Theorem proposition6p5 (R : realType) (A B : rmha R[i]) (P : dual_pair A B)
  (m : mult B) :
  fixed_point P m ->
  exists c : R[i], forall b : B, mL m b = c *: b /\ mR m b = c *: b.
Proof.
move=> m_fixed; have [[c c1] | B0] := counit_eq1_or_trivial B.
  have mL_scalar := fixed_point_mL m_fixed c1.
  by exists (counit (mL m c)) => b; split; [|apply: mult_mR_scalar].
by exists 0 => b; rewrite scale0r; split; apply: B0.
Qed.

========================

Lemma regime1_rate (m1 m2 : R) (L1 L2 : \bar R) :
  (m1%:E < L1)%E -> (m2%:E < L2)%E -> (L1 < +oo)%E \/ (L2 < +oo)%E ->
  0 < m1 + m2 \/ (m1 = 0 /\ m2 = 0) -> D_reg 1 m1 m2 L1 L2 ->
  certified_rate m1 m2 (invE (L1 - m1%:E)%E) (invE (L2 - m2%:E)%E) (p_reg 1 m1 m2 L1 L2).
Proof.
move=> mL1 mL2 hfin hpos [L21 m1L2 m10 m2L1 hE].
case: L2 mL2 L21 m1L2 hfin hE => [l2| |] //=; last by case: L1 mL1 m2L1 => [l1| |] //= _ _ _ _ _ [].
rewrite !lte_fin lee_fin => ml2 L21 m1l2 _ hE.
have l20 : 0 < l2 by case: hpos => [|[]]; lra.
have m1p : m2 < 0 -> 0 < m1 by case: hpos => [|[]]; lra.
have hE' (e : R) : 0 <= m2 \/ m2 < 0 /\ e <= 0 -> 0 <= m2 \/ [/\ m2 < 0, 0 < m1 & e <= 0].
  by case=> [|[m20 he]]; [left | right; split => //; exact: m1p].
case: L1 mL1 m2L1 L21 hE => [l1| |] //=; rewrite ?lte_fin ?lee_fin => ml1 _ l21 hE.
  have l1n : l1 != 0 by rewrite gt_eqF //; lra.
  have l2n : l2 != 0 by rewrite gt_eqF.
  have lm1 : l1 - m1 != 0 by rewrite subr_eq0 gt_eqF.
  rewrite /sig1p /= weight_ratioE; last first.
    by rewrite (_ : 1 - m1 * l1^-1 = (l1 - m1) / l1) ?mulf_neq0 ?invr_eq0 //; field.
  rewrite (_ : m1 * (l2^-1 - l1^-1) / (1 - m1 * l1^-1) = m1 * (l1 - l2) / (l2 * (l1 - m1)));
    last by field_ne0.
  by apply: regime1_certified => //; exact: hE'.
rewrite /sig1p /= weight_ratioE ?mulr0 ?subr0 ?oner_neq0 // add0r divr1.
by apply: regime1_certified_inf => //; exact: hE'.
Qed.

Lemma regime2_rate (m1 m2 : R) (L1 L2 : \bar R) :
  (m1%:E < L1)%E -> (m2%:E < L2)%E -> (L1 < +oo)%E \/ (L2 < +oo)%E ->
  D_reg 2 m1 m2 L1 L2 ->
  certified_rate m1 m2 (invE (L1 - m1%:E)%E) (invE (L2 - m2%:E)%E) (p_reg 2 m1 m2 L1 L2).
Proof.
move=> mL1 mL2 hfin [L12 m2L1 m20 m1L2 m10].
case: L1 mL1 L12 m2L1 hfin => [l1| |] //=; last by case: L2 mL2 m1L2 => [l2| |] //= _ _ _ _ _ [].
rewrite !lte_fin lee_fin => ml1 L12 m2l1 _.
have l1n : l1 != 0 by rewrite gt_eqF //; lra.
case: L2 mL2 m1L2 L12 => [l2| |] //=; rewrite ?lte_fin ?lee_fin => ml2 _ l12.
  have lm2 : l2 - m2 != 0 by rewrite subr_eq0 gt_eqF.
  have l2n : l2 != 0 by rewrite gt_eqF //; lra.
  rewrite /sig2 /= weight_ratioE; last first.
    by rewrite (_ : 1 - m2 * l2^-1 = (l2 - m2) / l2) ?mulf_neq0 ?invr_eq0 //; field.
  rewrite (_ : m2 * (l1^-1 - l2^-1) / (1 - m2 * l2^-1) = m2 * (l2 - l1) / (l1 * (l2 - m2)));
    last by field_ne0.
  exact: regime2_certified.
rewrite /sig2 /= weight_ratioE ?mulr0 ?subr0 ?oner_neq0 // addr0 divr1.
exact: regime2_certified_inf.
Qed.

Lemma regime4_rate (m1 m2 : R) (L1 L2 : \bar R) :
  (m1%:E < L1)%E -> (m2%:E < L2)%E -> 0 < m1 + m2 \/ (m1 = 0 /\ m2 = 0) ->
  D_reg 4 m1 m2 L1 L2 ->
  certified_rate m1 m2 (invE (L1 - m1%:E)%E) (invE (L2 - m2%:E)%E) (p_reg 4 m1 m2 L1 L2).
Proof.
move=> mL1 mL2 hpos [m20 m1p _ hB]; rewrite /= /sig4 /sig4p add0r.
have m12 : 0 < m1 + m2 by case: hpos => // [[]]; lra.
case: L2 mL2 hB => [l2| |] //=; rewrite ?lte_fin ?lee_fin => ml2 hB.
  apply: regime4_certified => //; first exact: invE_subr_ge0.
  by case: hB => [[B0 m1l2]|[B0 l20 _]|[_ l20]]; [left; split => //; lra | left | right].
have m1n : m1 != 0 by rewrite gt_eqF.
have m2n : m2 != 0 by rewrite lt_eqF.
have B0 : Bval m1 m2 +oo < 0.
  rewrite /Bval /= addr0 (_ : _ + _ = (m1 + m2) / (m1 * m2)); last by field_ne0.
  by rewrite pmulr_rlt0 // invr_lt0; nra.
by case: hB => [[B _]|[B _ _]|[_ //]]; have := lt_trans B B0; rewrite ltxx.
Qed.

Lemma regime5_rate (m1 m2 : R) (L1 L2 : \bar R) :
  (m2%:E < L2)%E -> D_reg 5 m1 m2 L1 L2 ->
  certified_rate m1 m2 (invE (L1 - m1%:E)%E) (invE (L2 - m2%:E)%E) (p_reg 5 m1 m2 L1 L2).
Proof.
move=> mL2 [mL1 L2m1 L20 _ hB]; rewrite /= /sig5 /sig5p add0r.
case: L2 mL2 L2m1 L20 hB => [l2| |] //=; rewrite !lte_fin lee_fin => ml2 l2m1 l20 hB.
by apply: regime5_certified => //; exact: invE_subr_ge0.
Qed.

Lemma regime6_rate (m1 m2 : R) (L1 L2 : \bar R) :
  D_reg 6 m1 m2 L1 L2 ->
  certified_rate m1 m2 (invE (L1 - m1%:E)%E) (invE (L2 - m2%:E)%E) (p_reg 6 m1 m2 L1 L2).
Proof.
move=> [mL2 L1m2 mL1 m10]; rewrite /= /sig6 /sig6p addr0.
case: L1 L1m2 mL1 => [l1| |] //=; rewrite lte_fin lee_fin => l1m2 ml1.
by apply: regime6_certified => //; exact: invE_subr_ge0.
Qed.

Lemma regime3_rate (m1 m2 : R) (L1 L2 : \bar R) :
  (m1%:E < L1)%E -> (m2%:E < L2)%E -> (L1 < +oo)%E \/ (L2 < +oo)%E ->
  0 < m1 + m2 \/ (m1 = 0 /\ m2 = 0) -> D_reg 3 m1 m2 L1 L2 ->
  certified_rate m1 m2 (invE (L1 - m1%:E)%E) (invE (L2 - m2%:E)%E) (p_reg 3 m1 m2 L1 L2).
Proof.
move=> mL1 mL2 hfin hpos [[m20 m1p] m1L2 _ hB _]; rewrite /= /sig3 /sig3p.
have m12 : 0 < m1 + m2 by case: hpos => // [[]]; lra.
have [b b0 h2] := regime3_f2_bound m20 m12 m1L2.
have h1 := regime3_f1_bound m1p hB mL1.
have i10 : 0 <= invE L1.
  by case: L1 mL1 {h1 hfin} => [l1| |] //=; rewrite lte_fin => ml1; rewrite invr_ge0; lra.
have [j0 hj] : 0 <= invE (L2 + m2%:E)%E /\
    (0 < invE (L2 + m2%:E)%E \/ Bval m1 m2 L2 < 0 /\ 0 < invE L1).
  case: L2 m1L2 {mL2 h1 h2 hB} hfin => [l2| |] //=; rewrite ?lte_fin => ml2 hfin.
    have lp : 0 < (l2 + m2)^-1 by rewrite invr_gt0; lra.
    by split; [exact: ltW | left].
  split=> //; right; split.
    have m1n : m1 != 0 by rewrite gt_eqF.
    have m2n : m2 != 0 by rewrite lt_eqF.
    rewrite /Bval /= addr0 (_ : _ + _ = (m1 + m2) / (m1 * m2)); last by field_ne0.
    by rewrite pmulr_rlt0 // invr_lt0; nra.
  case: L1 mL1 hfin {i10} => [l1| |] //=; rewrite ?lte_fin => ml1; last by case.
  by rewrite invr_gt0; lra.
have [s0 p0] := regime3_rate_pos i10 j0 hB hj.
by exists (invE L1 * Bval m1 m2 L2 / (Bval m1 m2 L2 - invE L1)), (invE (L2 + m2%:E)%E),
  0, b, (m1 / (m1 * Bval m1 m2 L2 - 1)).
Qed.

========================

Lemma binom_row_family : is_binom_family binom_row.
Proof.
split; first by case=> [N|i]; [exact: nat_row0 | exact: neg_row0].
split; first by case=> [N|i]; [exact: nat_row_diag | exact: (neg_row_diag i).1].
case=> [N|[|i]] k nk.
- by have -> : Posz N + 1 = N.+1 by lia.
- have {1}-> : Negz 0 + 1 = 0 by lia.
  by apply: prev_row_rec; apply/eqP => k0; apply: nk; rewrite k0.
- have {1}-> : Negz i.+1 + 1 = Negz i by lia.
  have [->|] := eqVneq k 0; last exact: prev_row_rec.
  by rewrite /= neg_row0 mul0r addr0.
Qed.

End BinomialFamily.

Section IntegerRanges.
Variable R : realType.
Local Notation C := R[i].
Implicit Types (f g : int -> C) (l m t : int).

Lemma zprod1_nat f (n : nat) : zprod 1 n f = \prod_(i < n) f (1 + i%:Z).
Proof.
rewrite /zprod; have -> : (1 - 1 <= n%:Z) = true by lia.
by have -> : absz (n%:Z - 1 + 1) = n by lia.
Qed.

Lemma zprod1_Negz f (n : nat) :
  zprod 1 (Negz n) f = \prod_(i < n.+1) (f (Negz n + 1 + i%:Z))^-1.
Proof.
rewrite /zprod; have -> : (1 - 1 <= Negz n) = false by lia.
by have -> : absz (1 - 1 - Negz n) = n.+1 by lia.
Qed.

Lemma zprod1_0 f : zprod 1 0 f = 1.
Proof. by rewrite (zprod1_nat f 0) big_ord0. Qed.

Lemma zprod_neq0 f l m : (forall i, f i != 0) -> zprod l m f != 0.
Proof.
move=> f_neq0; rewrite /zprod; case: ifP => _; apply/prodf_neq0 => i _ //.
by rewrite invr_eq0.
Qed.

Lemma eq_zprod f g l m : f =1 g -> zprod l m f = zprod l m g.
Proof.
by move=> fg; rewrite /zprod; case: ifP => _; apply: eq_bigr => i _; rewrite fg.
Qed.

========================

In the material above, transcribe exactly the lines beginning at the one with "(m2%:E < L2)%E -> D_reg 5 m1 m2 L1 L2 ->" and ending at the one with "case: L2 mL2 L2m1", both included.

§ **RESULT OF THIS EXERCISE**
  (m2%:E < L2)%E -> D_reg 5 m1 m2 L1 L2 ->
  certified_rate m1 m2 (invE (L1 - m1%:E)%E) (invE (L2 - m2%:E)%E) (p_reg 5 m1 m2 L1 L2).
Proof.
move=> mL2 [mL1 L2m1 L20 _ hB]; rewrite /= /sig5 /sig5p add0r.
case: L2 mL2 L2m1 L20 hB => [l2| |] //=; rewrite !lte_fin lee_fin => ml2 l2m1 l20 hB.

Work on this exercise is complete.